Sarah Bradley
Internship Student
2022
Project Title:
Efficient Drone Delivery in a Multi-Drone Skyway Network
Project Description:
Drones are a new type of IoT devices that offer cost-effective and fast delivery services. The potential utilization of drones is limited by payload capacity and battery consumption constraints. Drones may need multiple times of recharge for persistent delivery operation. The drone delivery environment is highly constrained because the availability of recharging stations is not guaranteed. We leverage the service paradigm to address the key challenges in delivery by drones. The functional and non-functional properties of drones are abstracted as Drone-as-a-Service (DaaS). The drone services operate in a skyway network which is constructed by linking the skyway segments. Each skyway segment connects two nodes which are the rooftops of the high-rise buildings. Each node is assumed to be a recharging station or a delivery target. Given a source and a destination, the objective of this project is to collect a trajectory dataset considering the battery limitations and availability of pads on recharging stations.
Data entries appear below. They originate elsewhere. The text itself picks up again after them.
(* For all $n\ge 4$, there is no perfect lattice code in $\mathcal{A}(n,n-2,1)$.
   Context: For integers $n\ge 1$, $0\le t\le n$, $\ell\ge 1$, let $\mathcal{S}(n,t,\ell)=\{\mathcal{E}\in\mathbb{Z}^n: 0\le\varepsilon_i\le\ell \text{ for all } i,\ w_H(\mathcal{E})\le t\}$, where $w_H$ is the number of nonzero coordinates. A lattice here is the set of integer combinations of $n$ linearly independent vectors of $\mathbb{Z}^n$. $\mathcal{A}(n,t,\ell)$ is the set of lattices $\mathcal{L}\subseteq\mathbb{Z}^n$ such that the translates $X+\mathcal{S}(n,t,\ell)$, $X\in\mathcal{L}$, are pairwise disjoint. Such $\mathcal{L}$ is perfect if these translates also cover $\mathbb{Z}^n$. *)

From mathcomp Require Import all_boot all_order all_algebra.

Import Order.TTheory GRing.Theory Num.Theory.
Local Open Scope ring_scope.

Definition Sball (n t l : nat) (e : 'rV[int]_n) : Prop :=
  (forall i : 'I_n, 0 <= e ord0 i <= l%:Z) /\
  (#|[set i : 'I_n | e ord0 i != 0]| <= t)%N.

Definition lattice_of (n : nat) (B : 'M[int]_n) (x : 'rV[int]_n) : Prop :=
  exists c : 'rV[int]_n, x = c *m B.

Definition lin_indep_rows (n : nat) (B : 'M[int]_n) : Prop :=
  row_free (map_mx (fun z : int => z%:~R : rat) B).

(* L in A(n,t,l): the translates X + S(n,t,l), X in L, are pairwise disjoint. *)
Definition packing (n t l : nat) (L : 'rV[int]_n -> Prop) : Prop :=
  forall X Y e1 e2 : 'rV[int]_n, L X -> L Y -> Sball n t l e1 -> Sball n t l e2 ->
    X + e1 = Y + e2 -> X = Y.

Definition covering (n t l : nat) (L : 'rV[int]_n -> Prop) : Prop :=
  forall z : 'rV[int]_n, exists X e, L X /\ Sball n t l e /\ z = X + e.

Definition perfect (n t l : nat) (L : 'rV[int]_n -> Prop) : Prop :=
  packing n t l L /\ covering n t l L.

From mathcomp Require Import all_boot all_order all_algebra zify ring.
Import Order.TTheory GRing.Theory Num.Theory.
Local Open Scope ring_scope.
Set Implicit Arguments. Unset Strict Implicit.

(* Modulo a perfect lattice L every vector is congruent to exactly one
   indicator 1_A with |A| <= n - 2, and 1_(~C) = J - 1_C where J = 1_[n].
   Writing J = 1_B (mod L), one finds |B| <= 1, 2e_i = 1_B (mod L) whenever
   B <> {i}, and 2e_k = 0 (mod L) when B = {k}.  Hence for suitable i <> j,
   1_{i,j} - 1_(~{i,j}) = 2e_i + 2e_j - J lies in L, although {i,j} and its
   complement are distinct sets of weight <= n - 2 when n >= 4. *)

Definition ind n (A : {set 'I_n}) : 'rV[int]_n :=
  \row_j (if j \in A then 1 else 0).

Ltac row_ring := apply/rowP => ?; rewrite !mxE; ring.

Lemma ind0 n : ind (set0 : {set 'I_n}) = 0.
Proof. by apply/rowP => j; rewrite !mxE inE. Qed.

Lemma indC n (A : {set 'I_n}) : ind (~: A) = ind [set: 'I_n] - ind A.
Proof. by apply/rowP => j; rewrite !mxE !inE; case: (j \in A). Qed.

Lemma ind_setD1 n (A : {set 'I_n}) i :
  i \in A -> ind A = ind [set i] + ind (A :\ i).
Proof.
move=> iA; apply/rowP => j; rewrite !mxE !inE.
by case: eqVneq => [->|]; rewrite ?iA //=; case: (j \in A).
Qed.

Lemma ind_set2 n (i j : 'I_n) :
  i != j -> ind [set i; j] = ind [set i] + ind [set j].
Proof.
move=> ij; apply/rowP => l; rewrite !mxE !inE.
by case: eqVneq => [->|]; rewrite ?(negbTE ij) //=; case: (l == j).
Qed.

Lemma ind_inj n : injective (@ind n).
Proof.
move=> A B eAB; apply/setP => j.
by have := congr1 (fun v : 'rV[int]_n => v ord0 j) eAB; rewrite /= !mxE; do 2 case: (_ \in _).
Qed.

Lemma ord_other n (k : 'I_n) : (1 < n)%N -> exists i : 'I_n, i != k.
Proof.
move=> n1; have /card_gt0P [i] : (0 < #|[set~ k]|)%N by rewrite cardsC1 card_ord; lia.
by rewrite !inE => ik; exists i.
Qed.

Section PerfectIndicatorCode.

Variables (n : nat) (L : 'rV[int]_n -> Prop).
Hypothesis n_ge4 : (4 <= n)%N.
Hypothesis L0 : L 0.
Hypothesis LB : forall x y, L x -> L y -> L (x - y).
Hypothesis pack : forall A C : {set 'I_n},
  (#|A| <= n - 2)%N -> (#|C| <= n - 2)%N -> L (ind A - ind C) -> A = C.
Hypothesis cover : forall z, exists2 A : {set 'I_n}, (#|A| <= n - 2)%N & L (z - ind A).

Local Notation J := (ind [set: 'I_n]).

Lemma memN x : L x -> L (- x).
Proof. by move=> Lx; rewrite -sub0r; apply: LB. Qed.

Lemma memD x y : L x -> L y -> L (x + y).
Proof. by move=> Lx Ly; rewrite -[y]opprK; apply/LB/memN. Qed.

Lemma ind_mem_eq0 (A : {set 'I_n}) : (#|A| <= n - 2)%N -> L (ind A) -> A = set0.
Proof. by move=> hA LA; apply: pack; rewrite ?cards0 // ind0 subr0. Qed.

Lemma ones_rep : exists2 B : {set 'I_n}, (#|B| <= 1)%N & L (J - ind B).
Proof.
have [B hB LJB] := cover J; exists B => //.
rewrite leqNgt; apply/negP => B2.
have cBC : #|~: B| = (n - #|B|)%N by rewrite cardsCs setCK card_ord.
have BC0 : ~: B = set0 by apply: ind_mem_eq0; rewrite ?indC //; lia.
by move: cBC; rewrite BC0 cards0; lia.
Qed.

Lemma double_rep (B : {set 'I_n}) i : (#|B| <= 1)%N -> L (J - ind B) ->
  B = [set i] \/ L (ind B - ind [set i] *+ 2).
Proof.
move=> hB LJB; have [A hA LA] := cover (ind B - ind [set i]).
have A1 : (#|A| <= 1)%N.
  rewrite leqNgt; apply/negP => A2.
  have cAC : #|~: A| = (n - #|A|)%N by rewrite cardsCs setCK card_ord.
  have LAC : L (ind (~: A) - ind [set i]).
    by apply: (eq_ind _ L (memD LJB LA)); rewrite indC; row_ring.
  have AC : ~: A = [set i] by apply: pack; rewrite ?cards1 //; lia.
  by move: cAC; rewrite AC cards1; lia.
have [/eqP|/eqP/cards1P [j Aj]] : #|A| = 0%N \/ #|A| = 1%N by lia.
  rewrite cards_eq0 => /eqP A0; left; apply: pack; rewrite ?cards1 //; try lia.
  by move: LA; rewrite A0 ind0 subr0.
have [ji|ij] := eqVneq j i.
  by right; apply: (eq_ind _ L LA); rewrite Aj ji; row_ring.
have {ij} ij : i != j by rewrite eq_sym.
have Bij : B = [set i; j].
  apply: pack; rewrite ?cards2 ?ij //; try lia.
  by apply: (eq_ind _ L LA); rewrite Aj ind_set2 //; row_ring.
by move: hB; rewrite Bij cards2 ij.
Qed.

Lemma double_self k : L (J - ind [set k]) -> L (ind [set k] *+ 2).
Proof.
move=> LJk; have [P hP LP] := cover (ind [set k] *+ 2).
case kP: (k \in P).
  have kPk : [set k] = P :\ k.
    apply: pack; rewrite ?cards1 //; try lia.
      exact: leq_trans (subset_leq_card (subD1set P k)) hP.
    by apply: (eq_ind _ L LP); rewrite (ind_setD1 kP); row_ring.
  by move: (set11 k); rewrite kPk !inE eqxx.
have [P0|[j jP]] := set_0Vmem P; first by move: LP; rewrite P0 ind0 subr0.
have kj : k != j by apply: contraFneq kP => ->.
have [/set1_inj /eqP|Lkj] := double_rep j (eq_leq (cards1 k)) LJk; first by rewrite (negbTE kj).
have kjP : [set k; j] = P :\ j.
  apply: pack; rewrite ?cards2 ?kj //; try lia.
    exact: leq_trans (subset_leq_card (subD1set P j)) hP.
  by apply: (eq_ind _ L (LB LP Lkj)); rewrite (ind_setD1 jP) ind_set2 //; row_ring.
by move: (setU1r k (set11 j)); rewrite kjP !inE eqxx.
Qed.

Lemma no_double_pair i j : i != j -> ~ L (ind [set i] *+ 2 + ind [set j] *+ 2 - J).
Proof.
move=> ij Lij.
have cC : #|~: [set i; j]| = (n - 2)%N by rewrite cardsCs setCK card_ord cards2 ij.
have eC : [set i; j] = ~: [set i; j].
  apply: pack; rewrite ?cC ?cards2 ?ij //; try lia.
  by apply: (eq_ind _ L Lij); rewrite indC ind_set2 //; row_ring.
by move: (setU11 i [set j]); rewrite [in X in X -> _]eC !inE eqxx.
Qed.

Lemma no_perfect_indicator_code : False.
Proof.
have [B hB LJB] := ones_rep.
have [/eqP|/eqP/cards1P [k Bk]] : #|B| = 0%N \/ #|B| = 1%N by lia.
  rewrite cards_eq0 => /eqP B0.
  have L2 i : L (ind [set i] *+ 2).
    have [/setP/(_ i)|] := double_rep i hB LJB; first by rewrite B0 !inE eqxx.
    by rewrite B0 ind0 sub0r => /memN; rewrite opprK.
  have n0 : (0 < n)%N by lia.
  have [i ij] := ord_other (Ordinal n0) ltac:(lia).
  apply: (no_double_pair ij); apply: LB (memD (L2 _) (L2 _)) _.
  by move: LJB; rewrite B0 ind0 subr0.
rewrite {}Bk in LJB hB.
have [i ik] := ord_other k ltac:(lia).
have [/set1_inj /eqP|Lki] := double_rep i hB LJB; first by rewrite eq_sym (negbTE ik).
apply: (no_double_pair ik).
by apply: (eq_ind _ L (LB (LB (double_self LJB) Lki) LJB)); row_ring.
Qed.

End PerfectIndicatorCode.

Lemma Sball_ind n t (A : {set 'I_n}) : (#|A| <= t)%N -> Sball n t 1 (ind A).
Proof.
move=> hA; split=> [i|]; first by rewrite mxE; case: (i \in A).
suff -> : [set i : 'I_n | ind A ord0 i != 0] = A by [].
by apply/setP => i; rewrite inE mxE; case: (i \in A).
Qed.

Lemma Sball1E n t (e : 'rV[int]_n) :
  Sball n t 1 e -> exists2 A : {set 'I_n}, (#|A| <= t)%N & e = ind A.
Proof.
move=> [e01 he]; exists [set i | e ord0 i != 0] => //.
apply/rowP => j; rewrite mxE inE; have := e01 j.
have -> : (0 : 'I_1) = ord0 by apply: val_inj.
by case: eqP => [->|] //= => e0 /andP [? ?]; lia.
Qed.

Section LatticeCode.

Variables (n : nat) (B : 'M[int]_n).

Lemma lattice_of0 : lattice_of n B 0.
Proof. by exists 0; rewrite mul0mx. Qed.

Lemma lattice_ofB x y : lattice_of n B x -> lattice_of n B y -> lattice_of n B (x - y).
Proof. by move=> [c ->] [d ->]; exists (c - d); rewrite mulmxBl. Qed.

Lemma packing_ind t (A C : {set 'I_n}) : packing n t 1 (lattice_of n B) ->
  (#|A| <= t)%N -> (#|C| <= t)%N -> lattice_of n B (ind A - ind C) -> A = C.
Proof.
move=> pk hA hC LAC; apply: ind_inj; apply/eqP; rewrite -subr_eq0; apply/eqP.
by apply: (pk _ _ _ _ LAC lattice_of0 (Sball_ind hC) (Sball_ind hA)); rewrite add0r subrK.
Qed.

Lemma covering_ind t z : covering n t 1 (lattice_of n B) ->
  exists2 A : {set 'I_n}, (#|A| <= t)%N & lattice_of n B (z - ind A).
Proof.
move=> cv; have [X [e [LX [/Sball1E [A hA ->] ->]]]] := cv z.
by exists A; rewrite ?addrK.
Qed.

End LatticeCode.

Theorem mainTheorem6 :
  forall (n : nat), (4 <= n)%N ->
  forall B : 'M[int]_n, lin_indep_rows n B ->
  ~ perfect n (n - 2) 1 ((lattice_of n B)).
Proof.
move=> n n4 B _ [pk cv].
apply: (no_perfect_indicator_code n4 (lattice_of0 B) (@lattice_ofB n B)).
- by move=> A C; apply: packing_ind.
- by move=> z; apply: covering_ind.
Qed.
The dataset will be used for predicting the arrival of drones at certain stations in a multi-drone network and help in computing the best skyway segments leading to the destination.
Internship Publications:
- Service-based Trajectory Planning in Multi-Drone Skyway Networks. Sarah Bradley, Albertus Alvin Janitra, Babar Shahzaad, Balsam Alkouz, Athman Bouguettaya, and Abdallah Lakhdari. PerCom 2023, Atlanta, USA, Demo paper.